A report by Preqin, the alternatives data provider, said that first-quarter investments in new companies surpassed those of the fourth quarter, the highest on record.

Although the number of companies receiving venture capital investment globally fell by 6% from the previous quarter, the average size of deals has been growing significantly in recent years, according to Preqin.

In the January-to-March period, the aggregate value of deals increased by 4% over Q4 2014.

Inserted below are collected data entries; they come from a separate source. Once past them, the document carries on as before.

(* Let $T$ be a finite $2$-group and $H$ a finite group of odd order such that $d(T\times H)=2$ and the Frattini subgroup $\Phi(T)$ is nontrivial. Then $\mathsf{GEN}(T\times H)=*0$.
   Context: For a finite group $G$, $\mathsf{GEN}(G)$ is the following impartial two-player game. A position is a set of elements selected so far; the starting position is $\emptyset$. From a position $P$ with $\langle P\rangle\neq G$, the player to move selects some $g\in G\setminus P$, producing the position $P\cup\{g\}$ (these are the options of $P$); a position $P$ with $\langle P\rangle = G$ has no options. The nim-number of a position is defined recursively by $\operatorname{nim}(P)=\operatorname{mex}\{\operatorname{nim}(Q): Q \text{ an option of } P\}$, where $\operatorname{mex}(A)$ is the least nonnegative integer not in $A$. We write $\mathsf{GEN}(G)=*n$ if $\operatorname{nim}(\emptyset)=n$. $d(G)$ denotes the minimum size of a generating set of $G$. *)

From HB Require Import structures.
From mathcomp Require Import all_boot all_order all_fingroup all_solvable.
Set Implicit Arguments. Unset Strict Implicit. Unset Printing Implicit Defensive.
Local Open Scope group_scope.

(* mex of a finite list of naturals: the least n not in s
   (always found among 0 .. size s). *)
Definition mex (s : seq nat) : nat :=
  find (fun n => n \notin s) (iota 0 (size s).+1).

Fixpoint gen_nim_fuel (gT : finGroupType) (k : nat) (G P : {set gT}) : nat :=
  if k is k'.+1 then
    if <<P>> == G then 0
    else mex [seq gen_nim_fuel k' G (P :|: [set g]) | g <- enum (G :\: P)]
  else 0.

(* Fuel #|G :\: P|.+1 is sufficient: each move decreases #|G :\: P| by one, and
   the position P = G (reached when #|G :\: P| = 0 for P \subset G) is terminal. *)
Definition gen_nim (gT : finGroupType) (G P : {set gT}) : nat :=
  gen_nim_fuel #|G :\: P|.+1 G P.

Definition GEN (gT : finGroupType) (G : {set gT}) : nat := gen_nim G set0.

Definition gen_set_of_size (gT : finGroupType) (G : {set gT}) (n : nat) : bool :=
  [exists A : {set gT}, [&& A \subset G, #|A| == n & <<A>> == G]].

Lemma gen_set_of_size_ex (gT : finGroupType) (G : {group gT}) :
  exists n, gen_set_of_size G n.
Proof.
exists #|G|; apply/existsP; exists (G : {set gT}).
by rewrite subxx eqxx genGid eqxx.
Qed.

Definition dgen (gT : finGroupType) (G : {group gT}) : nat :=
  ex_minn (gen_set_of_size_ex G).

From HB Require Import structures.
From mathcomp Require Import all_boot all_order all_fingroup all_solvable.
Set Implicit Arguments. Unset Strict Implicit. Unset Printing Implicit Defensive.
Local Open Scope group_scope.

(* Pairing strategy.  Let z be an involution in the Frattini subgroup of a
   noncyclic group G.  The second player answers a move x with x * z, unless
   some element already completes a generating set, in which case he plays it.
   After each of his moves the position is closed under right multiplication
   by z and no single element completes it: since z is a non-generator,
   completing P, x, x * z, y would already complete P, x, y.  So the second
   player never loses.  For G = T x H take z = (f, 1) with f an involution of
   Phi(T); it lies in Phi(T x H) because T and H have coprime orders, so a
   subgroup of T x H projecting onto both factors is all of T x H. *)

Lemma mex_eq0 s : (mex s == 0) = (0 \notin s).
Proof. by rewrite /mex /=; case: (0 \in s). Qed.

Lemma gen_setU1_id (gT : finGroupType) (A : {set gT}) x :
  x \in <<A>> -> <<A :|: [set x]>> = <<A>>.
Proof.
move=> Ax; apply/eqP.
by rewrite eqEsubset gen_subG subUset subset_gen sub1set Ax genS ?subsetUl.
Qed.

Section FrattiniNongenerators.

Variables (gT : finGroupType) (G : {group gT}).

Lemma Phi_gen_setU1 (A : {set gT}) z :
  z \in 'Phi(G) -> A \subset G -> <<A :|: [set z]>> = G -> <<A>> = G.
Proof.
move=> zPhi sAG genAz; apply: Phi_nongen; apply/eqP.
rewrite eqEsubset join_subG Phi_sub sAG -{1}genAz /= joingE genS //.
by rewrite subUset subsetUr sub1set inE zPhi.
Qed.

Lemma mem_Phi_nongen z :
    z \in G ->
    (forall A : {set gT}, A \subset G -> <<A :|: [set z]>> = G -> <<A>> = G) ->
  z \in 'Phi(G).
Proof.
move=> zG nongen_z; apply/bigcapP => M /maximal_eqP[sMG maxM].
apply/idPn => zM.
have sMMz : M \subset <<M :|: [set z]>>%G by rewrite sub_gen ?subsetUl.
have sMzG : <<M :|: [set z]>>%G \subset G by rewrite gen_subG subUset sMG sub1set.
have genMz : <<M :|: [set z]>> = G.
  have [defMz|//] := maxM _ sMMz sMzG.
  by move: zM; rewrite -defMz mem_gen // !inE eqxx orbT.
by move: zM; rewrite -[M : {set gT}]genGid (nongen_z _ sMG genMz) zG.
Qed.

Lemma gen_setU1_mulPhi (B : {set gT}) x z :
    z \in 'Phi(G) -> B \subset G -> x \in B ->
  <<B :|: [set x * z]>> = G -> <<B>> = G.
Proof.
move=> zPhi sBG xB genBxz; apply: (Phi_gen_setU1 zPhi sBG).
have zG : z \in G := subsetP (Phi_sub G) z zPhi.
apply/eqP; rewrite eqEsubset gen_subG subUset sBG sub1set zG /=.
rewrite -{1}genBxz gen_subG subUset sub1set sub_gen ?subsetUl //=.
by rewrite groupM ?mem_gen // !inE ?xB ?eqxx ?orbT.
Qed.

End FrattiniNongenerators.

Section CoprimeDirectProduct.

Variables (gT1 gT2 : finGroupType).

Lemma pair_expg (x : gT1 * gT2) n : x ^+ n = (x.1 ^+ n, x.2 ^+ n).
Proof. by case: x => a b; elim: n => [|n IHn] //=; rewrite !expgS IHn. Qed.

(* x.1 is a power of x.1 ^+ #[x.2], and x ^+ #[x.2] = (x.1 ^+ #[x.2], 1). *)
Lemma pairg1_in_cycle (x : gT1 * gT2) :
  coprime #[x.1] #[x.2] -> (x.1, 1) \in <[x]>.
Proof.
move=> co_x; have /eqP gen_x1 := generator_coprime x.1 #[x.2].
rewrite co_x in gen_x1.
have /cycleP[e ->] : x.1 \in <[x.1 ^+ #[x.2]]> by rewrite -gen_x1 cycle_id.
have -> : (x.1 ^+ #[x.2] ^+ e, 1) = x ^+ #[x.2] ^+ e.
  by rewrite !pair_expg /= expg_order expg1n.
by rewrite !groupX ?cycle_id.
Qed.

Variables (T : {group gT1}) (H : {group gT2}).
Hypothesis coTH : coprime #|T| #|H|.

Lemma coprime_subdirect_setX (K : {group gT1 * gT2}) :
    K \subset setX T H ->
    [morphism of fun x => x.1] @* K = T -> [morphism of fun x => x.2] @* K = H ->
  K :=: setX T H.
Proof.
move=> sKTH fstK sndK; apply/eqP; rewrite eqEsubset sKTH /=.
have pairg1_K k : k \in K -> (k.1, 1) \in K.
  case: k => k1 k2 Kk; have /setXP[Tk1 Hk2] := subsetP sKTH _ Kk.
  have sKkK : <[(k1, k2)]> \subset K by rewrite cycle_subG.
  apply: (subsetP sKkK); apply: pairg1_in_cycle => /=.
  by rewrite (coprime_dvdl (order_dvdG Tk1)) ?(coprime_dvdr (order_dvdG Hk2)).
apply/subsetP => -[t h] /setXP[Tt Hh].
have /morphimP[k _ Kk /= ->] : t \in [morphism of fun x => x.1] @* K by rewrite fstK.
have /morphimP[l _ Kl /= ->] : h \in [morphism of fun x => x.2] @* K by rewrite sndK.
have -> : (k.1, l.2) = (k.1, 1) * ((l.1, 1)^-1 * l).
  case: l {Kl} => l1 l2 /=.
  change ((k.1, l2) = (k.1 * (l1^-1 * l1), 1 * (1^-1 * l2))).
  by rewrite mulVg mulg1 invg1 !mul1g.
by rewrite !groupM ?groupV ?pairg1_K.
Qed.

Lemma pairg1_Phi_coprime f : f \in 'Phi(T) -> (f, 1) \in 'Phi(setX T H).
Proof.
move=> fPhi; have Tf : f \in T := subsetP (Phi_sub T) f fPhi.
apply: mem_Phi_nongen => [|A sATH genAf]; first by rewrite inE Tf group1.
set pr1 := [morphism of fun x : gT1 * gT2 => x.1].
have proj_gen (p : {morphism setT >-> _}) :
    p @* <<A :|: [set (f, 1)]>> = <<p @* A :|: [set p (f, 1)]>>.
  by rewrite morphim_gen ?subsetT // morphimU morphim_set1 ?inE.
apply: coprime_subdirect_setX; first by rewrite gen_subG.
- rewrite morphim_gen ?subsetT //; apply: (Phi_gen_setU1 fPhi).
    by rewrite -(morphim_fstX T H) morphimS.
  by rewrite -[f]/(pr1 (f, 1)) -proj_gen genAf morphim_fstX.
- rewrite morphim_gen ?subsetT // -(morphim_sndX T H) -genAf proj_gen.
  by rewrite gen_setU1_id ?group1.
Qed.

End CoprimeDirectProduct.

Lemma gen_nimE (gT : finGroupType) (G P : {set gT}) :
  gen_nim G P =
  if <<P>> == G then 0
  else mex [seq gen_nim G (P :|: [set g]) | g <- enum (G :\: P)].
Proof.
rewrite /gen_nim /=; case: eqP => // _; congr mex; apply/eq_in_map => g.
by rewrite mem_enum => gGP; rewrite (cardsD1 g (G :\: P)) gGP setDDl.
Qed.

Section PairingStrategy.

Variables (gT : finGroupType) (G : {group gT}) (z : gT).
Hypotheses (zPhi : z \in 'Phi(G)) (z_order : #[z] = 2).

Definition paired_position (P : {set gT}) :=
  [/\ P \subset G, {in P, forall p, p * z \in P}
    & forall y, y \in G -> <<P :|: [set y]>> != G].

Lemma paired_reply P x :
    paired_position P -> x \in G :\: P ->
    (forall y, y \in G -> <<P :|: [set x] :|: [set y]>> != G) ->
  x * z \in G :\: (P :|: [set x]) /\
  paired_position (P :|: [set x] :|: [set x * z]).
Proof.
rewrite /paired_position; case=> sPG zP _ /setDP[Gx Px] noWin.
have Gz : z \in G := subsetP (Phi_sub G) z zPhi.
have zz : z * z = 1 by rewrite -expg2 -z_order expg_order.
have xzz : x * z * z = x by rewrite -mulgA zz mulg1.
have Pxz : x * z \notin P by apply: contra Px => /zP; rewrite xzz.
have xz_x : x * z != x.
  by rewrite -{2}(mulg1 x) (inj_eq (mulgI x)) -order_eq1 z_order.
split; first by rewrite !inE negb_or Pxz xz_x groupM.
split; first by rewrite !subUset sPG !sub1set Gx groupM.
  move=> p; rewrite !inE => /orP[/orP[/zP -> // | /eqP ->] | /eqP ->].
    by rewrite eqxx orbT.
  by rewrite xzz eqxx orbT.
move=> y Gy; apply: contra (noWin y Gy) => /eqP genPxy; apply/eqP.
apply: (gen_setU1_mulPhi zPhi (x := x)).
- by rewrite !subUset sPG !sub1set Gx Gy.
- by rewrite !inE eqxx orbT.
- by rewrite -genPxy setUAC.
Qed.

Lemma gen_nim_paired P : paired_position P -> gen_nim G P = 0.
Proof.
have [n] := ubnP #|G :\: P|; elim: n P => // n IHn P ltPn posP.
have [sPG _ noWin] := posP.
have nPG : <<P>> != G by have := noWin 1 (group1 G); rewrite gen_setU1_id.
rewrite gen_nimE (negbTE nPG); apply/eqP; rewrite mex_eq0.
apply/mapP => -[x]; rewrite mem_enum => xGP; move/esym/eqP; apply/negP.
set Q := P :|: [set x]; have /setDP[Gx _] := xGP.
rewrite gen_nimE (negbTE (noWin x Gx)) mex_eq0 negbK; apply/mapP.
(* Win at once if some move generates G, otherwise answer x with x * z. *)
have [y /andP[Gy genQy] | noWinQ] :=
  pickP (fun y => (y \in G) && (<<Q :|: [set y]>> == G)).
- exists y; last by rewrite gen_nimE genQy.
  rewrite mem_enum !inE Gy andbT; apply: contra (noWin x Gx) => Qy.
  by rewrite -(gen_setU1_id (x := y)) // mem_gen // !inE.
have noWinQ' y : y \in G -> <<Q :|: [set y]>> != G.
  by move=> Gy; have /negbT := noWinQ y; rewrite Gy.
have [xzGQ posR] := paired_reply posP xGP noWinQ'.
exists (x * z); first by rewrite mem_enum.
apply/esym/IHn => //; rewrite -ltnS (leq_trans _ ltPn) // ltnS.
apply/proper_card/properP; split; first by rewrite setDS // -setUA subsetUl.
by exists x; rewrite // !inE eqxx !orbT.
Qed.

Theorem GEN_eq0_Phi_involution : ~~ cyclic G -> GEN G = 0.
Proof.
move=> ncycG; apply: gen_nim_paired; split=> [|p|y Gy]; rewrite ?sub0set ?inE //.
by rewrite set0U; apply: contra ncycG => /eqP <-; apply/cyclicP; exists y.
Qed.

End PairingStrategy.

Lemma dgen_cyclic (gT : finGroupType) (G : {group gT}) : cyclic G -> dgen G <= 1.
Proof.
case/cyclicP => x defG; rewrite /dgen; case: ex_minnP => m _ /(_ 1%N); apply.
by apply/existsP; exists [set x]; rewrite cards1 sub1set defG cycle_id /=.
Qed.

Theorem proposition4p6 (gT1 gT2 : finGroupType) (T : {group gT1}) (H : {group gT2}) :
  2.-group T -> odd #|H| ->
  dgen (setX T H)%G = 2 ->
  'Phi(T) != 1 ->
  GEN (setX T H) = 0.
Proof.
move=> pT oddH dTH ntPhi.
have coTH : coprime #|T| #|H|.
  by apply: pnat_coprime pT _; rewrite p'natE // dvdn2 oddH.
have [_ evenPhi _] := pgroup_pdiv (pgroupS (Phi_sub T) pT) ntPhi.
have [f Phif ord_f] := Cauchy (isT : prime 2) evenPhi.
apply: (GEN_eq0_Phi_involution (z := (f, 1))).
- exact: pairg1_Phi_coprime.
- by rewrite -[(f, 1)]/(pairg1 gT2 f) order_injm ?injm_pairg1 ?inE.
- by apply/negP => /dgen_cyclic; rewrite dTH.
Qed.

North American deal flow fell by 8%, while the value of deals rose by 7%. European deal volume also contracted slightly from the previous quarter, but the aggregate value of deals jumped 41%.

Angel/seed financing rounds so far in 2015 have averaged $1.5 million, 25% higher than the 2014 average and the highest average value since 2007, according to Preqin.

The average value of Series D stage and later deals increased from $73 million in 2014 to $100 million in the first quarter.

The U.S. companies SpaceX, an aerospace startup, and Uber Technologies, a telecoms outfit, each received $1 billion in the first quarter, the former in an unspecified financing round and the latter in a Series E round.

The following entrepreneurial companies rounded out the 10 biggest deals in the first quarter:

  • Aduro BioTech (U.S.)—pharmaceuticals, Series E, $750 million
  • Meituan.com (China)—Internet, Series D, $700 million
  • Meizu Telecom Equipment Co. (China)—telecoms, unspecified round, $650 million
  • Kuaidi Dache (China)—telecoms, Series D, $600 million
  • One97 Communications (India)—Internet, unspecified round, $575 million
  • Delivery Hero (Germany)—Internet, unspecified round, $568 million
  • Lyft (U.S.)—Internet, Series E, $530 million
  • Shanghai Lujiazui Int'l Financial Asset Exchange (China)—financial services, unspecified round, $483 million

Preqin reported that the trade sale of Auspex Pharmaceuticals to Teva Pharmaceuticals for $3.2 billion was largest exit from venture capital investments during the first quarter.

The report calculated that venture capital currently available for investments was $132 billion, up $11 billion from the start of the year.

"Managers have significant amounts of capital to deploy, and with many innovative companies vying for investment worldwide, deal activity is likely to remain strong in 2015," Christopher Elvin, Preqin's head of private equity products, said in a statement.

"Yet with the average size of deals growing significantly, there might be slight concerns that valuations for potential investment are becoming inflated."